Сердце. У двух тел сердце сокращалось в течение вскрытия. Повторяю: сокращалось. Несмотря на отсутствие биоэлектрической активности.
Мозг. Лобные доли разрушены. Но продолговатый мозг — цел. И… шевелится. Паразит? Вирус? Или... воля?
На девятом вскрытии я обнаружил внутри черепной коробки постороннюю структуру, напоминающую кокон, или пульсирующую капсулу. Она излучала слабое тепло. Когда я попытался извлечь её, тело вскочило с операционного стола и… улыбнулось.
Я не могу иначе это описать.
Мы с ассистентом Германом сожгли его. Тело корчилось в пламени, и снова — улыбалось.
Но худшее случилось на следующий день.
Один из трупов, подготовленных для формалиновой консервации, сам открыл глаза. Слепые, покрытые плёнкой, они метались по помещению, как у новорождённого зверя. Он дрожащими руками снял с полки банку с образцом человеческого мозга — тот, что хранился в растворе более двух лет.
Сорвал крышку, с жадностью вылил формалин на пол и принялся жевать мозг, будто лакомство. Волокна хрустели у него во рту, как сухожилия. Он не торопился.
Потом, не дожёвывая, потянулся к банке с пересаженной печенью. Открыл. Съел. Словно выбирал лучшие части по памяти.
А затем... взял бутылку с раствором бальзамирующего бальзама и залил всё этим варевом, как вином. Медленно опрокинул голову назад, как в тосте. И снова...
...улыбнулся.
"Человек — это сосуд. А мы — возвращаем вкус его содержимому", — прошептал он беззвучно.
Я слышал это в голове.
Сожгите всё. Пока это не сожрало вас.
Но самое страшное началось позже.
Мы вскрыли кремационные урны. В трёх из них пепел начал шевелиться при воздействии света. Под микроскопом — угольные хлопья формировали подобие червяков, складывались в символы, похожие на древне финикийские знаки. Я послал снимки в университет, но ответа нет.

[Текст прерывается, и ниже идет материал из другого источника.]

End GapRecursion.
Lemma conclusions_of_gap_recursion n (f psi : vec n -> R) P Fs R0 M gamma eta
    (x : nat -> vec n) (H : nat -> mat n) alpha :
  0 < gamma <= 1 -> 0 <= eta < 1 -> (forall k, 0 < alpha k <= 1) -> 0 < M -> 0 < R0 ->
  (forall k, Fs <= Fv f psi (x k)) ->
  (forall k, Fv f psi (x k) <= Fv f psi (x O) -> quad (H k) (vsub (x k) (P (x k))) <= M * R0 ^ 2) ->
  (forall k lam, 0 <= lam <= 1 ->
     Fv f psi (x (S k)) - Fs <= (Fv f psi (x k) - Fs) + gamma * alpha k * (1 - eta)
       * (- lam * (Fv f psi (x k) - Fs) + lam ^ 2 / 2 * quad (H k) (vsub (x k) (P (x k))))) ->
  conclusions f psi P Fs R0 M gamma eta x H alpha.
Proof.
  intros Hgamma Heta Halpha HM HR0 Hlow Hq Hrec.
  assert (HB : 0 < M * R0 ^ 2) by (apply Rmult_lt_0_compat; [|apply pow_lt]; lra).
  unfold conclusions; cbv zeta. split.
  { intros k. exact (recursion_linear_rate _ _ _ _ _ _ Hgamma Heta Halpha Hrec k). }
  intros k0 Hk0 Hfirst. split.
  - intros k Hk. replace k with (k0 + (k - k0))%nat at 1 by lia.
    replace (2 * M * R0 ^ 2) with (2 * (M * R0 ^ 2)) by ring.
    apply (recursion_sublinear_rate _ _ _ _ _ _ _ Hgamma Heta Halpha HB Hlow Hq Hrec); lra.
  - intros abar Hab Hal.
    apply (recursion_entry_time _ _ _ _ _ _ _ Hgamma Heta Halpha HB Hlow Hq Hrec); auto.
    intros j Hj. apply Rnot_lt_le, Hfirst, Hj.
Qed.

Lemma quad_dist_le_of_sublevel n dom (f psi : vec n -> R) P x0 H R0 Mq y :
  is_lub (fun r => exists y, dom y /\ Fv f psi y <= Fv f psi x0 /\ r = vnorm (vsub y (P y))) R0 ->
  0 <= Mq -> (forall v, quad H v <= Mq * dot v v) ->
  dom y -> Fv f psi y <= Fv f psi x0 -> quad H (vsub y (P y)) <= Mq * R0 ^ 2.
Proof.
  intros [Hub _] HMq HH Hy HFy.
  assert (Hdist : vnorm (vsub y (P y)) <= R0) by (apply Hub; exists y; auto).
  eapply Rle_trans; [apply HH|]. apply Rmult_le_compat_l; [exact HMq|].
  rewrite <- vnorm_sqr. pose proof (vnorm_nonneg _ (vsub y (P y))). nra.
Qed.

Lemma gap_recursion_of_decrease n dom (f : vec n -> R) g psi Fs P x H Qs x' c eta :
  has_gradient f g -> convex_fun f -> ext_convex dom psi ->
  is_projection (Omega dom f psi Fs) P -> is_glb (Qvalues dom g psi x H) Qs -> dom x ->
  0 <= c -> eta < 1 -> Fv f psi x' <= Fv f psi x + c * ((1 - eta) * Qs) ->
  forall lam, 0 <= lam <= 1 ->
    Fv f psi x' - Fs <= (Fv f psi x - Fs) + c * (1 - eta)
      * (- lam * (Fv f psi x - Fs) + lam ^ 2 / 2 * quad H (vsub x (P x))).
Proof.
  intros Hg Hf Hpsi HP HQs Hx Hc Heta Hdec lam Hlam.
  pose proof (Qstar_le_gap _ dom g psi x H Qs Hpsi HQs Hx f Fs (P x) lam Hg Hf
                (proj1 (HP x)) Hlam) as Hgap.
  assert (c * (1 - eta) * Qs <= c * (1 - eta)
            * (- lam * (Fv f psi x - Fs) + lam ^ 2 / 2 * quad H (vsub x (P x)))).
  { apply Rmult_le_compat_l; [apply Rmult_le_pos|]; lra. }
  lra.
Qed.

Lemma pow_le_one b i : 0 <= b <= 1 -> b ^ i <= 1.
Proof.
  intro Hb. induction i as [|i IH]; simpl; [lra|].
  pose proof (pow_le b i (proj1 Hb)). nra.
Qed.

Lemma alg1_conclusions n (f : vec n -> R) g L dom psi Fs P beta gamma eta R0 M x H d alpha :
  assumption1 f g L dom psi Fs -> convex_fun f -> is_projection (Omega dom f psi Fs) P ->
  alg1_run dom f psi g beta gamma eta x H d alpha ->
  assumption2 dom f psi P (x O) H R0 M -> (forall k, psd (H k)) ->
  conclusions f psi P Fs R0 M gamma eta x H alpha.
Proof.
  intros [_ [Hg [_ [Hpsi [_ [_ [_ [HFs _]]]]]]]] Hf HP
    [Hbeta [Hgamma [Heta [Hx0 Hrun]]]] [HR0 [HM [Hlub HHM]]] Hpsd.
  assert (Hdom : forall k, dom (x k)).
  { induction k as [|k IH]; [exact Hx0|].
    destruct (Hrun k) as [_ [_ [_ [[i [Hai [[Hxd _] _]]] Hxs]]]].
    rewrite Hxs, Hai. exact Hxd. }
  assert (Halpha : forall k, 0 < alpha k <= 1).
  { intro k. destruct (Hrun k) as [_ [_ [_ [[i [Hai _]] _]]]]. rewrite Hai.
    split; [apply pow_lt|apply pow_le_one]; lra. }
  apply conclusions_of_gap_recursion; auto; try lra.
  - intro k. apply (proj1 HFs). exists (x k). auto.
  - intros k Hk. apply (quad_dist_le_of_sublevel _ dom f psi P (x O) (H k) R0 M); auto; [lra|].
    intro v. apply quad_le_of_spec_norm, HHM.
  - intros k lam Hlam.
    destruct (Hrun k) as [_ [_ [[_ [Qs [HQs HQ]]] [[i [Hai [[_ Harmijo] _]]] Hxs]]]].
    rewrite <- Hai in Harmijo. rewrite Hxs.
    specialize (Halpha k).
    apply (gap_recursion_of_decrease _ dom f g psi Fs P (x k) (H k) Qs); auto;
      [apply Rmult_le_pos; lra|lra|].
    (* the Armijo decrease Delta is below the model value Q(d) since H is psd *)
    pose proof (Hpsd k (d k)) as Hq.
    assert (alpha k * gamma * (dot (g (x k)) (d k) + psi (vadd (x k) (d k)) - psi (x k))
            <= alpha k * gamma * ((1 - eta) * Qs)).
    { apply Rmult_le_compat_l; [apply Rmult_le_pos; lra|]. unfold Qv in HQ. lra. }
    lra.
Qed.
Lemma alg2_run_dom n trial variant1 dom (f psi : vec n -> R) g beta gamma eta x H0 H d :
  alg2_run trial variant1 dom f psi g beta gamma eta x H0 H d -> forall k, dom (x k).
Proof.
  intros [_ [_ [_ [Hx0 Hrun]]]] k. induction k as [|k IH]; [exact Hx0|].
  destruct (Hrun k) as [_ [_ [ik [dt [Hinex [_ [_ [_ [Hdk Hxs]]]]]]]]].
  rewrite Hxs, Hdk. exact (proj1 (Hinex ik (le_n ik))).
Qed.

Сожгите всё. Пока это не сожрало вас.
Но если вы всё же читаете это… значит, я не успел.
После инцидента с поеданием органов я велел Герману не приближаться к оставшимся телам. Он выглядел бледным, руки дрожали. Ночью я застал его в анатомической, босиком, в одной рубашке. Он сидел на полу, раскачиваясь, и бормотал что-то о "голосах в кости", о том, что "внутри черепа осталась пустота, которую можно заполнить только собой".
Я пытался вывести его, но он вырвался и схватил хирургическую пилу.

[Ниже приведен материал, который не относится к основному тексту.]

(* Let $k\ge1$, and let $\phi^1,\dots,\phi^k\in[0,1]^d$ be fixed feature attribution vectors (for a fixed input). Let $\mathcal{Q}(\phi)=\mathbb{E}_{\gamma_1,\gamma_2}\big[\lVert\gamma_1\phi-\gamma_2\rVert_2^2\big]$ be a generalized $L2$ metric given by random variables $\gamma_1\in\mathbb{R}^{g\times d}$, $\gamma_2\in\mathbb{R}^g$, and suppose that for all realizations $\lVert\gamma_1\rVert_1\le c_1$ and $\lVert\gamma_1\phi^i-\gamma_2\rVert_2^2\le c_2$ for all $i=1,\dots,k$. Let $\Omega=\{\omega\in\mathbb{R}^k:\omega_i\ge0,\ \sum_{i=1}^k\omega_i=1\}$ and $\phi^{\omega}=\sum_{i=1}^k\omega_i\phi^i$. Let $(\gamma_1^{(j)},\gamma_2^{(j)})$, $j=1,\dots,m$, be i.i.d. samples with the distribution of $(\gamma_1,\gamma_2)$, and let $$\hat\omega\in\arg\min_{\omega\in\Omega}\frac1m\sum_{j=1}^m\lVert\gamma_1^{(j)}\phi^{\omega}-\gamma_2^{(j)}\rVert_2^2.$$ Then there exists a constant $C=C(c_1,c_2)>0$ depending on $c_1$ and $c_2$ such that for every $\delta\in(0,1)$, with probability at least $1-\delta$ over the samples, $$\mathcal{Q}(\phi^{\hat\omega})-\min_{\omega\in\Omega}\mathcal{Q}(\phi^{\omega})\le C\sqrt{\frac{4\log(16k/\delta)}{m}}.$$
   Context: Feature attributions are normalized, i.e. take values in $[0,1]^d$. A generalized $L2$ metric is a map $\mathcal{Q}:\mathbb{R}^d\to\mathbb{R}$ of the form $\mathcal{Q}(\phi)=\mathbb{E}[\lVert\gamma_1\phi-\gamma_2\rVert_2^2]$ for random $\gamma_1\in\mathbb{R}^{g\times d}$, $\gamma_2\in\mathbb{R}^g$. Here $\lVert\gamma_1\rVert_1$ denotes the sum of the absolute values of the entries of the matrix $\gamma_1$ (so that every entry of $\gamma_1\phi$ is bounded by $\lVert\gamma_1\rVert_1\lVert\phi\rVert_\infty$), and $\log$ is the natural logarithm. *)

From HB Require Import structures.
From mathcomp Require Import all_boot all_order all_algebra.
From mathcomp Require Import all_classical all_reals all_analysis.
Set Implicit Arguments. Unset Strict Implicit. Unset Printing Implicit Defensive.
Import Order.TTheory GRing.Theory Num.Theory.
Local Open Scope classical_set_scope.
Local Open Scope ring_scope.
Lemma binform_reps_le_mulr (a b m p : int) c : p != 0 ->
  binform_reps_le a b m c -> binform_reps_le (a * p) (b * p) (m * p) c.
Proof.
move=> p_neq0 reps s s_uniq s_rep; apply: reps s_uniq _ => w /s_rep rep_w.
by apply: (mulIf p_neq0); rewrite -rep_w /binform; ring.
Qed.

Lemma binform_reps_le_mulp (a b m : int) (p : nat) c : prime p -> ~~ (p %| b)%Z ->
  binform_reps_le a (b * p) m c -> binform_reps_le (a * p) b (m * p) c.
Proof.
rewrite dvdzE => p_prime p_b reps s s_uniq s_rep.
have p_neq0 : p%:Z != 0 by rewrite eqz_nat -lt0n prime_gt0.
have p_y w : w \in s -> (p %| w.2)%Z.
  move=> /s_rep rep_w; have : (p %| b * w.2 ^+ 2)%Z.
    have -> : b * w.2 ^+ 2 = (m - a * w.1 ^+ 2) * p by rewrite mulrBl -rep_w /binform; ring.
    exact/dvdz_mull/dvdzz.
  by rewrite dvdzE abszM abszX Euclid_dvdM // (negbTE p_b) Euclid_dvdX // => /andP[].
rewrite -(size_map (fun w : int * int => (w.1, (w.2 %/ p)%Z))); apply: reps.
  rewrite map_inj_in_uniq // => -[x y] [x' y'] /p_y /divzK /= y_def /p_y /divzK /= y_def'.
  by case=> -> eq_y; rewrite -y_def -y_def' eq_y.
move=> _ /mapP[w /[dup] /p_y /divzK y_def /s_rep rep_w ->]; apply: (mulIf p_neq0).
by rewrite -rep_w /binform /= -{2}y_def; ring.
Qed.

Lemma prime_dvd_of_not_coprimez (a : int) (n : nat) : a != 0 -> (0 < n)%N ->
  ~~ coprimez a n -> exists2 p, prime p & (p %| a)%Z && (p %| n)%N.
Proof.
move=> a_neq0 n_gt0; rewrite coprimez_sym coprimezE /= coprime_has_primes ?absz_gt0 //.
rewrite negbK => /hasP[p]; rewrite !mem_primes => /and3P[p_prime _ p_a] /and3P[_ _ p_n].
by exists p; rewrite // p_n andbT.
Qed.

Lemma binform_reps_le_descent (n p : nat) (a b : int) c : prime p -> (p %| n)%N ->
  (p %| a)%Z -> 0 < a -> 0 < b ->
  (forall a' b', 0 < a' -> 0 < b' -> binform_reps_le a' b' (n %/ p)%N c) ->
  binform_reps_le a b n c.
Proof.
move=> p_prime p_n /divzK a_def a_gt0 b_gt0 reps.
have p_gt0 : 0 < p%:Z by rewrite ltz_nat prime_gt0.
have n_def : n%:Z = (n %/ p)%N%:Z * p by rewrite -PoszM divnK.
have a'_gt0 : 0 < (a %/ p)%Z by rewrite -(pmulr_lgt0 _ p_gt0) a_def.
rewrite -a_def n_def; have [/divzK b_def|p_b] := boolP (p %| b)%Z.
  rewrite -b_def; apply: binform_reps_le_mulr; first exact: lt0r_neq0.
  by apply: reps; rewrite // -(pmulr_lgt0 _ p_gt0) b_def.
by apply: binform_reps_le_mulp => //; apply: reps; rewrite // pmulr_lgt0.
Qed.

— Я должен знать, что внутри, — прошептал он.
Прямо на моих глазах Герман распилил себе череп — аккуратно, будто репетировал. Не кричал. Лишь улыбался, как и они.
Достав извлечённый кусок собственной лобной доли, он осмотрел его с трогательной нежностью, как деликатес… и съел его.
Жевал медленно. Смаковал.
Кровь стекала ему по подбородку, и всё это время он шептал:
— Я помню вкус. Я возвращаюсь.
Он умер через шесть минут.
А потом… через тридцать секунд — встал.
Я спрятался между каталки и шкафом с препаратами, прижимая к себе фонарь и скальпель — жалкое оружие против того, чем стал Герман.
Он шёл босиком, как и тогда. Волочил одну ногу, будто кость уже успела треснуть, и из зияющего черепа — вместо речи — доносилось влажное, хлюпающее похрюкивание. Он жевал. Что-то внутри себя. Возможно, остатки мозга, оставшиеся на языке. Или язык.
— Д- доктор... — прохрипел он. — Я.… всё ещё... я...
Я побежал.
Холодильная камера в конце коридора — последнее, что могло сдержать его. Я распахнул дверь и встал прямо на пути Германа.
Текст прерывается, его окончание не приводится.